Required work =
Filter this listing down to the lines that contain the word "Implicit", and copy them.

Material shown =
Lemma bit_nat_of_bits m (f : 'I_m -> bool) (k : 'I_m) : bit (nat_of_bits f) k = f k.
Proof.
elim: m f k => [|m IH] f [[|k] Hk] //; rewrite nat_of_bitsS.
  by rewrite bit0E oddD odd_double addbF oddb; congr f; apply: val_inj.
rewrite bitSE half_bit_double (IH _ (Ordinal (Hk : (k < m)%N))).
by congr f; apply: val_inj.
Qed.

Lemma nat_of_bitsK m i : (i < 2 ^ m)%N -> nat_of_bits (fun q : 'I_m => bit i q) = i.
Proof.
elim: m i => [|m IH] i Hi.
  by rewrite /nat_of_bits big_ord0; move: Hi; rewrite expn0; case: i.
have Hhalf : (i./2 < 2 ^ m)%N by rewrite ltn_half_double -mul2n -expnS.
rewrite nat_of_bitsS bit0E -[in RHS](odd_double_half i) -[in RHS](IH _ Hhalf).
by congr (_ + _.*2)%N; apply: eq_bigr => q _; rewrite bitSE.
Qed.

Notation bvec n := {ffun 'I_n -> bool}.

Definition ord_of_bits n (u : bvec n) : 'I_(2 ^ n) := Ordinal (nat_of_bits_lt u).
Definition bits_of_ord n (i : 'I_(2 ^ n)) : bvec n := [ffun q : 'I_n => bit i q].

Lemma bit_ord_of_bits n (u : bvec n) (q : 'I_n) : bit (ord_of_bits u) q = u q.
Proof. exact: bit_nat_of_bits. Qed.

Lemma bits_of_ordK n : cancel (@bits_of_ord n) (@ord_of_bits n).
Proof.
move=> i; apply: val_inj; rewrite /= -[RHS](nat_of_bitsK (ltn_ord i)).
by apply: eq_bigr => q _; rewrite ffunE.
Qed.

Lemma ord_of_bitsK n : cancel (@ord_of_bits n) (@bits_of_ord n).
Proof. by move=> u; apply/ffunP => q; rewrite ffunE bit_ord_of_bits. Qed.

Definition mxb n (M : 'M[algC]_(2 ^ n)) (u v : bvec n) : algC :=
  M (ord_of_bits u) (ord_of_bits v).

Lemma mxbP n (M N : 'M[algC]_(2 ^ n)) : (forall u v, mxb M u v = mxb N u v) -> M = N.
Proof.
by move=> E; apply/matrixP => i j; rewrite -(bits_of_ordK i) -(bits_of_ordK j); apply: E.
Qed.
(* Let $(f,I,U)$ be a safety verification problem that is robustly safe with robustness margin $\mu>0$, with $\overline{I}\cap\overline{U}=\emptyset$ and $\mathbb{R}^n\setminus U$ bounded, and let $V$ be a $\mu$-robust safety certificate of $(f,I,U)$. Define $\nu: R^{\mathbb{R}}_f(\partial\overline{V})\to\mathbb{R}$ by $\nu(x):=-t$, where $t$ is the unique $t\in\mathbb{R}$ with $\varphi_f(x,t)\in\partial\overline{V}$. Then there is an open neighborhood of $\partial\overline{V}$, contained in the domain of $\nu$, on which $\nu$ is continuous.
   Context: A safety verification problem is a triple $(f,I,U)$ with $f:\mathbb{R}^n\to\mathbb{R}^n$ smooth, $I,U\subseteq\mathbb{R}^n$. Convention: the flow $\varphi_f(x,t)$ of $\dot x=f(x)$ (the state reached at time $t\in\mathbb{R}$ from $x$; negative $t$ allowed) is defined for all $x$, $t$. For $X\subseteq\mathbb{R}^n$, $R^{\mathbb{R}}_f(X)=\{\varphi_f(x,t)\mid x\in X,\ t\in\mathbb{R}\}$. $\partial\overline{V}$ denotes the boundary of the closure of $V$. Under the hypotheses, for every $x\in R^{\mathbb{R}}_f(\partial\overline{V})$ there is exactly one $t\in\mathbb{R}$ with $\varphi_f(x,t)\in\partial\overline{V}$, so $\nu$ is well defined. For $\varepsilon\ge 0$, an $\varepsilon$-solution of $\dot x=f(x)$ is a differentiable function $x:\mathbb{R}^{\ge0}\to\mathbb{R}^n$ with $\|f(x(t))-\dot x(t)\|\le\varepsilon$ for all $t\ge0$. For $X\subseteq\mathbb{R}^n$, $T\subseteq\mathbb{R}^{\ge0}$: $R^{T}_{f,\varepsilon}(X)=\{x(t)\mid t\in T,\ x\text{ an }\varepsilon\text{-solution with }x(0)\in X\}$, $R_{f,\varepsilon}(X)=R^{\mathbb{R}^{\ge0}}_{f,\varepsilon}(X)$. Robustly safe with robustness margin $\mu>0$ means $R_{f,\mu}(I)\cap U=\emptyset$. A $\mu$-robust safety certificate is a set $V$ with $I\subseteq V$, $R_{f,\mu}(V)\subseteq V$, $V\cap U=\emptyset$. *)

From Stdlib Require Import Reals.
From mathcomp Require Import ssreflect ssrfun ssrbool eqtype ssrnat fintype bigop.

Set Implicit Arguments.
Unset Strict Implicit.

Open Scope R_scope.

Definition vec (n : nat) : Type := 'I_n -> R.

Definition vadd {n} (x y : vec n) : vec n := fun i => x i + y i.
Definition vsub {n} (x y : vec n) : vec n := fun i => x i - y i.
Definition vscal {n} (a : R) (x : vec n) : vec n := fun i => a * x i.
Definition ebasis {n} (i : 'I_n) : vec n := fun j => if j == i then 1 else 0.

Definition vnorm {n} (x : vec n) : R :=
  sqrt (\big[Rplus/0]_(i < n) (x i * x i)).

Definition set_ (n : nat) := vec n -> Prop.

Definition is_open {n} (S : set_ n) : Prop :=
  forall x, S x -> exists r, 0 < r /\ forall y, vnorm (vsub y x) < r -> S y.

Definition sclosure {n} (S : set_ n) : set_ n :=
  fun x => forall r, 0 < r -> exists y, S y /\ vnorm (vsub y x) < r.

Definition setC_ {n} (S : set_ n) : set_ n := fun x => ~ S x.

Definition sboundary {n} (S : set_ n) : set_ n :=
  fun x => sclosure S x /\ sclosure (setC_ S) x.

Definition sbounded {n} (S : set_ n) : Prop :=
  exists M, forall x, S x -> vnorm x <= M.

Definition sdisjoint {n} (A B : set_ n) : Prop := forall x, A x -> B x -> False.

Definition ssubset {n} (A B : set_ n) : Prop := forall x, A x -> B x.

(** Smoothness of f : R^n -> R^n.  [Ck k g] : the scalar function g is
    continuous and has partial derivatives (everywhere) of all orders <= k,
    all of them continuous. *)
Definition cont_fun {n} (g : vec n -> R) : Prop :=
  forall x eps, 0 < eps -> exists delta, 0 < delta /\
    forall y, vnorm (vsub y x) < delta -> Rabs (g y - g x) < eps.

Fixpoint Ck {n} (k : nat) (g : vec n -> R) : Prop :=
  match k with
  | O => cont_fun g
  | S k' => cont_fun g /\
      forall i : 'I_n, exists dg : vec n -> R,
        (forall x, derivable_pt_lim (fun s => g (vadd x (vscal s (ebasis i)))) 0 (dg x))
        /\ Ck k' dg
  end.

Answer space =
Set Implicit Arguments.
Unset Strict Implicit.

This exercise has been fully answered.